• **DIRECTIONS FOR THIS TASK**
Look through the material below and copy exactly the lines from the line with "Lemma ideal_gen_adjoin I u y : is_ideal I ->" to the line with "by exists 0; rewrite big_nil mul0r subr0.", those two lines included.
○ ○ ○
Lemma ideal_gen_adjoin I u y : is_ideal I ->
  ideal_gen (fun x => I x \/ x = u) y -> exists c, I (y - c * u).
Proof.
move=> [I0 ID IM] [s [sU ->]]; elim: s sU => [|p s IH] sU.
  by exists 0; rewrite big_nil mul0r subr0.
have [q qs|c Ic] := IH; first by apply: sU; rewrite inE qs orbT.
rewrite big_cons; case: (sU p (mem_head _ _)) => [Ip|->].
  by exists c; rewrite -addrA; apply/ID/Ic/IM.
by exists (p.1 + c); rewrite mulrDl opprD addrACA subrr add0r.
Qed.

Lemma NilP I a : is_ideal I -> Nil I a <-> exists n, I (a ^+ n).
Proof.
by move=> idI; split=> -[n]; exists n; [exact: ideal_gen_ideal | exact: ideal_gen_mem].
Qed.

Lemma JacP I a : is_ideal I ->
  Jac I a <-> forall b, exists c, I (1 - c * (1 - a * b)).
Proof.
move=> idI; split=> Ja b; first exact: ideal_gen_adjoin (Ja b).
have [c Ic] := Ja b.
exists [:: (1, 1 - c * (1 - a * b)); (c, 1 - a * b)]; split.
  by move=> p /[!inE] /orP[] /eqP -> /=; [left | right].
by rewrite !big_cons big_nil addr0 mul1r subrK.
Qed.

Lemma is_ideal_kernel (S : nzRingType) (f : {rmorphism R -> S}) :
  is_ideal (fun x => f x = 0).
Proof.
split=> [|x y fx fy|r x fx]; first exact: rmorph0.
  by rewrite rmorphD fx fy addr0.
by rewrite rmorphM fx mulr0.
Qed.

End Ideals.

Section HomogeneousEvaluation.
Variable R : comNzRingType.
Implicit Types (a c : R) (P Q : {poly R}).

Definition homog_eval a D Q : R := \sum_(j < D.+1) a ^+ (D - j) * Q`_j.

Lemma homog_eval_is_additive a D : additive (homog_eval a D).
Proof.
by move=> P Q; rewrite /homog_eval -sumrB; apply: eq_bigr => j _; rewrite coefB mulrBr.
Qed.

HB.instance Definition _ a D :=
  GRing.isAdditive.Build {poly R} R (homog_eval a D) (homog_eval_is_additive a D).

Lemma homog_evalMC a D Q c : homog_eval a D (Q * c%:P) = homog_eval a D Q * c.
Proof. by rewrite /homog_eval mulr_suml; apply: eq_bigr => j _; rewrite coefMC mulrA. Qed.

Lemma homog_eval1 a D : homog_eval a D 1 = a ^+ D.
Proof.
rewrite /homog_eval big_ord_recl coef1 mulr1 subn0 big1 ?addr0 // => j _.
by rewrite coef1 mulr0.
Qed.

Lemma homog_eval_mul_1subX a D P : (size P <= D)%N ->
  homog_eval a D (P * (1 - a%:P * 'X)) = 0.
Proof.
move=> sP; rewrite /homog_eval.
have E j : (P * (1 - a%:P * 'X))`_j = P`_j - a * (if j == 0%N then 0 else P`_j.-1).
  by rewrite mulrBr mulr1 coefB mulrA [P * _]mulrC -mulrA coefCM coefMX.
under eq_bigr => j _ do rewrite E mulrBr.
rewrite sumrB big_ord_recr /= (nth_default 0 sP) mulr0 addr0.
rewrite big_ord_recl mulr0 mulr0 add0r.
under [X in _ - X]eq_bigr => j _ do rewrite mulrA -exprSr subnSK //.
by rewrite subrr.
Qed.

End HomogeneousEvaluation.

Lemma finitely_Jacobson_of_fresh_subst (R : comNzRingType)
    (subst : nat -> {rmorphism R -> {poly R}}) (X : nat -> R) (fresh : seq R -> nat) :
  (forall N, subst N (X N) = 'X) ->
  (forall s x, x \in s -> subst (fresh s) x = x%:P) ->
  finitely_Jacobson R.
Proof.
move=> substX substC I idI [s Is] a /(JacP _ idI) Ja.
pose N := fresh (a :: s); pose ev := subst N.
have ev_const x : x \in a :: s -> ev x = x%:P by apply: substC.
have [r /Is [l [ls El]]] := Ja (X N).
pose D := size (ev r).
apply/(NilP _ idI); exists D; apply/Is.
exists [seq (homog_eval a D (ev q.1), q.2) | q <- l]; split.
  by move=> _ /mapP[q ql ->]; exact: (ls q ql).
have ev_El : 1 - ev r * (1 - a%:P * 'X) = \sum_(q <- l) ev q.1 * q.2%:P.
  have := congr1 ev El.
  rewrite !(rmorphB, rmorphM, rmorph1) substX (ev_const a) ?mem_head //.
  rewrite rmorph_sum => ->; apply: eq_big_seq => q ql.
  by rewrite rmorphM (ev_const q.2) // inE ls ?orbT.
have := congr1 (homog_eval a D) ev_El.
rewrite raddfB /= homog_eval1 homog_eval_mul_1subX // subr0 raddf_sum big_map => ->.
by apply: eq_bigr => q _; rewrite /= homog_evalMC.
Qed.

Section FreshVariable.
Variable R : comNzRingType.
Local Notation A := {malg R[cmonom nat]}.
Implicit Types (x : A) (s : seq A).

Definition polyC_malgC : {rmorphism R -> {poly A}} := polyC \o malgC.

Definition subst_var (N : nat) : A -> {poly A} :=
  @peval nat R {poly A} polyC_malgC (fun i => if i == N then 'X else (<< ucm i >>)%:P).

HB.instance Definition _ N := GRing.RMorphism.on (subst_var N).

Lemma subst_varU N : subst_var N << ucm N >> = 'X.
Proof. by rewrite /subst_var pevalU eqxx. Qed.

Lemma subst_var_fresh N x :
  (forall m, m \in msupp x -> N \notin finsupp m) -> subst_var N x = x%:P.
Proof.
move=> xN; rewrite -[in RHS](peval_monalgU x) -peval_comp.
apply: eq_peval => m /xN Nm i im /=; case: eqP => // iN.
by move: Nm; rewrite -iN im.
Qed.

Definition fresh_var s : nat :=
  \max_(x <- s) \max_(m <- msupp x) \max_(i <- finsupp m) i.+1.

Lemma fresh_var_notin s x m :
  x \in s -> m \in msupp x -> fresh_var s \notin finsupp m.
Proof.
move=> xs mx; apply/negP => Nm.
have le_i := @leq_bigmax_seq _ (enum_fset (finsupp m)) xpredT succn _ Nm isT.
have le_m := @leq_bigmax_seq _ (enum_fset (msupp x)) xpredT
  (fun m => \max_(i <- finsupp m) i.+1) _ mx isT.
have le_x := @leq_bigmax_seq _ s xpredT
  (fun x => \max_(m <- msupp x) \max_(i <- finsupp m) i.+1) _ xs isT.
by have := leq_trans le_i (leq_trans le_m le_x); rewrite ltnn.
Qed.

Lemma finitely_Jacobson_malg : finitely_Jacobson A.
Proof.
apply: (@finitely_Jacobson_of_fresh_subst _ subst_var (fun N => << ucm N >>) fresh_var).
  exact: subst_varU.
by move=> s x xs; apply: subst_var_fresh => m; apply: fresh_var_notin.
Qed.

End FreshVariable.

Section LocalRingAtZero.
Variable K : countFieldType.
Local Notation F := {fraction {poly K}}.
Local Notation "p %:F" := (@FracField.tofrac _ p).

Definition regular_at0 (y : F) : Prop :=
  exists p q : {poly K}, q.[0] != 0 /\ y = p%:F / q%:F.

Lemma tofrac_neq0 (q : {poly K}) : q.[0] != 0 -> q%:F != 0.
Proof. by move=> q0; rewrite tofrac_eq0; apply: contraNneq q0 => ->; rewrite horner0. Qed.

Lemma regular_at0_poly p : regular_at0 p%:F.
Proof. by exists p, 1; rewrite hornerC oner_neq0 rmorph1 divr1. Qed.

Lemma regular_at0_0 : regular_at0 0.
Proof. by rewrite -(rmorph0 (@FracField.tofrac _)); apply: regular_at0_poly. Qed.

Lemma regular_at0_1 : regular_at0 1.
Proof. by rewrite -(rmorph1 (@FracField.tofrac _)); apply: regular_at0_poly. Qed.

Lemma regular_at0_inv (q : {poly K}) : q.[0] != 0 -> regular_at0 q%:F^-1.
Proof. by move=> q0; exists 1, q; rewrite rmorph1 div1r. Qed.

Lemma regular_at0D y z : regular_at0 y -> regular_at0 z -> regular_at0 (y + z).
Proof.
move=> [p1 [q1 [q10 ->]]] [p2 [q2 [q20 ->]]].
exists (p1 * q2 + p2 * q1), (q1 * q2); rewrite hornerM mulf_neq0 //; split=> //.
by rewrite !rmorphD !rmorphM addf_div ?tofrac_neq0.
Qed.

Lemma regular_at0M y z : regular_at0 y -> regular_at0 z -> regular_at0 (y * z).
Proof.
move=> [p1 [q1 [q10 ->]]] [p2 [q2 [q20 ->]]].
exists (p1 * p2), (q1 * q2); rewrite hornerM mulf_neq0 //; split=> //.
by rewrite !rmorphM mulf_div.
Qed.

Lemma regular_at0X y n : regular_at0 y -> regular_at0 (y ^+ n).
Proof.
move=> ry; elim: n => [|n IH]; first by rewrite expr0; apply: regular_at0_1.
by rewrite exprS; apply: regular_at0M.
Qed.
○ ○ ○
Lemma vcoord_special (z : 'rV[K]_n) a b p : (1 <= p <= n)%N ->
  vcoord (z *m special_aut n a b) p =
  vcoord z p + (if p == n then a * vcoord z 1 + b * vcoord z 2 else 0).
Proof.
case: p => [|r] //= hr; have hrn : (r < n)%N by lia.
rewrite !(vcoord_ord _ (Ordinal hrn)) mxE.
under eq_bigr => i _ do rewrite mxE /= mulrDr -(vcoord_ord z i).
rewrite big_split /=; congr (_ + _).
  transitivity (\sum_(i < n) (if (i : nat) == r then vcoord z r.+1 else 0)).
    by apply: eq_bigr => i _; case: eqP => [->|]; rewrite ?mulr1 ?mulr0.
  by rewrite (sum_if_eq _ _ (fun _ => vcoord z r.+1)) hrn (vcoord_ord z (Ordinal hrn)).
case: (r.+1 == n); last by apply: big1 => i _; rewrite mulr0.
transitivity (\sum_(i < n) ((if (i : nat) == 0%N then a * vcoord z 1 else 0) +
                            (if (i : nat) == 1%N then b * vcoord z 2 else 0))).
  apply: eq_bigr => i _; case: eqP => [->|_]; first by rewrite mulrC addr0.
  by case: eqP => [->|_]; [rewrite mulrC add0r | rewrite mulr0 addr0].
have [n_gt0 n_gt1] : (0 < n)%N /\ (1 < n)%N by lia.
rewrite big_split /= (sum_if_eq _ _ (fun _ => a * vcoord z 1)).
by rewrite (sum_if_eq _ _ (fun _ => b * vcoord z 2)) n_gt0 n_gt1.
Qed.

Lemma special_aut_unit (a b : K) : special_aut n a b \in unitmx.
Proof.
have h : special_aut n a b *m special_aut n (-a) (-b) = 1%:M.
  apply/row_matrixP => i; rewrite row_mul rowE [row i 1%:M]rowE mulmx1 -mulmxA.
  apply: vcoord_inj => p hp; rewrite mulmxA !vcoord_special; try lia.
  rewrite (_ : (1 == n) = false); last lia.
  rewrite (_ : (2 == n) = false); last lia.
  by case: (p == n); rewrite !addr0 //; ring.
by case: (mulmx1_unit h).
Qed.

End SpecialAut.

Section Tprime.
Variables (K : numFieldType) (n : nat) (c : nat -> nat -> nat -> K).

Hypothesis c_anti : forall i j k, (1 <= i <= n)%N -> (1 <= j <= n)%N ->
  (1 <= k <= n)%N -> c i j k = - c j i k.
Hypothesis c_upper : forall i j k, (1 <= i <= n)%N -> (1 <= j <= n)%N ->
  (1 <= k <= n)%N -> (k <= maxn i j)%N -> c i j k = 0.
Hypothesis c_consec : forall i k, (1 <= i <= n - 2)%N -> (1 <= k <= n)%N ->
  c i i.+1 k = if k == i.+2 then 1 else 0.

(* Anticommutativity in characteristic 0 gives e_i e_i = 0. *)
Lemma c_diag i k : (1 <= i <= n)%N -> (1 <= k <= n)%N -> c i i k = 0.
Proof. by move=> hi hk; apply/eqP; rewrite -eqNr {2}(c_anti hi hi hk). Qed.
○ ○ ○
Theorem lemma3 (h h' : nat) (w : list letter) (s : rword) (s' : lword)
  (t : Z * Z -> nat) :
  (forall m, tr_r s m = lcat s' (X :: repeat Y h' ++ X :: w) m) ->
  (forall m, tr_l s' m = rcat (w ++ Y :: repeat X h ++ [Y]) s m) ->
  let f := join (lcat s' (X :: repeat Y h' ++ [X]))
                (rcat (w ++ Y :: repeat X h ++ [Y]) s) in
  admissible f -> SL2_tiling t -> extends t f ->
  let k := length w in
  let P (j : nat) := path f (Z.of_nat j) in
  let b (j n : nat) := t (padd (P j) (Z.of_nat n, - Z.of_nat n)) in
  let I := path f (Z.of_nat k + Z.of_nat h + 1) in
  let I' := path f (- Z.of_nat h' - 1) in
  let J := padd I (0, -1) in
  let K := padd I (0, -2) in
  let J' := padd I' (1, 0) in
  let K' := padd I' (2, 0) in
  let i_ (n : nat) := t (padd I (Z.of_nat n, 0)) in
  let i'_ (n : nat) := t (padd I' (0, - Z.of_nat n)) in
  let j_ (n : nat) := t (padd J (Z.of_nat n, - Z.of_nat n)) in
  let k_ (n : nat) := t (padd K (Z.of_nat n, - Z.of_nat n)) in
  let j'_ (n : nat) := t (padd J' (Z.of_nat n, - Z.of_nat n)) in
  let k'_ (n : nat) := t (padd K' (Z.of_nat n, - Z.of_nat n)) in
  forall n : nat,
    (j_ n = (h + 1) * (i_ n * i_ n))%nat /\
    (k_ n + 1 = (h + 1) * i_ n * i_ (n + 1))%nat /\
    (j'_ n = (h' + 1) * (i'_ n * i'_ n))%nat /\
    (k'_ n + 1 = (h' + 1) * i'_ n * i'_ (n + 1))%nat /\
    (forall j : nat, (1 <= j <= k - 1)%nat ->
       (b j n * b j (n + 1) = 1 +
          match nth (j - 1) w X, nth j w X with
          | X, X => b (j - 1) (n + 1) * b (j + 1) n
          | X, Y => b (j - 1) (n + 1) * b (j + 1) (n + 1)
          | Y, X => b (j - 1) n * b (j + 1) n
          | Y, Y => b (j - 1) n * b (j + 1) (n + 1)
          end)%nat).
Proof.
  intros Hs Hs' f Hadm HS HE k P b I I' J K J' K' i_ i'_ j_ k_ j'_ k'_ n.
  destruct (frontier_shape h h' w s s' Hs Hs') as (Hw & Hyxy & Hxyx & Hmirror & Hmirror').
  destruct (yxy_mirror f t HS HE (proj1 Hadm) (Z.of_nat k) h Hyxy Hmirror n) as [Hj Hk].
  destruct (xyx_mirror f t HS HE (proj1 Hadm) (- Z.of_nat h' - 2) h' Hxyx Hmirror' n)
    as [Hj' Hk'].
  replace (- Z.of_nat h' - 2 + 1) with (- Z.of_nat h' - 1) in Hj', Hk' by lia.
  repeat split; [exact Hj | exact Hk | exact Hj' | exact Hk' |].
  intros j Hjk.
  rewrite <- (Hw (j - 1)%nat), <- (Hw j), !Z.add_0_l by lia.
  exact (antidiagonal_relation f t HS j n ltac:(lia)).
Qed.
○ ○ ○
• **RESULT OF THE EXERCISE**
Lemma ideal_gen_adjoin I u y : is_ideal I ->
  ideal_gen (fun x => I x \/ x = u) y -> exists c, I (y - c * u).
Proof.
move=> [I0 ID IM] [s [sU ->]]; elim: s sU => [|p s IH] sU.
  by exists 0; rewrite big_nil mul0r subr0.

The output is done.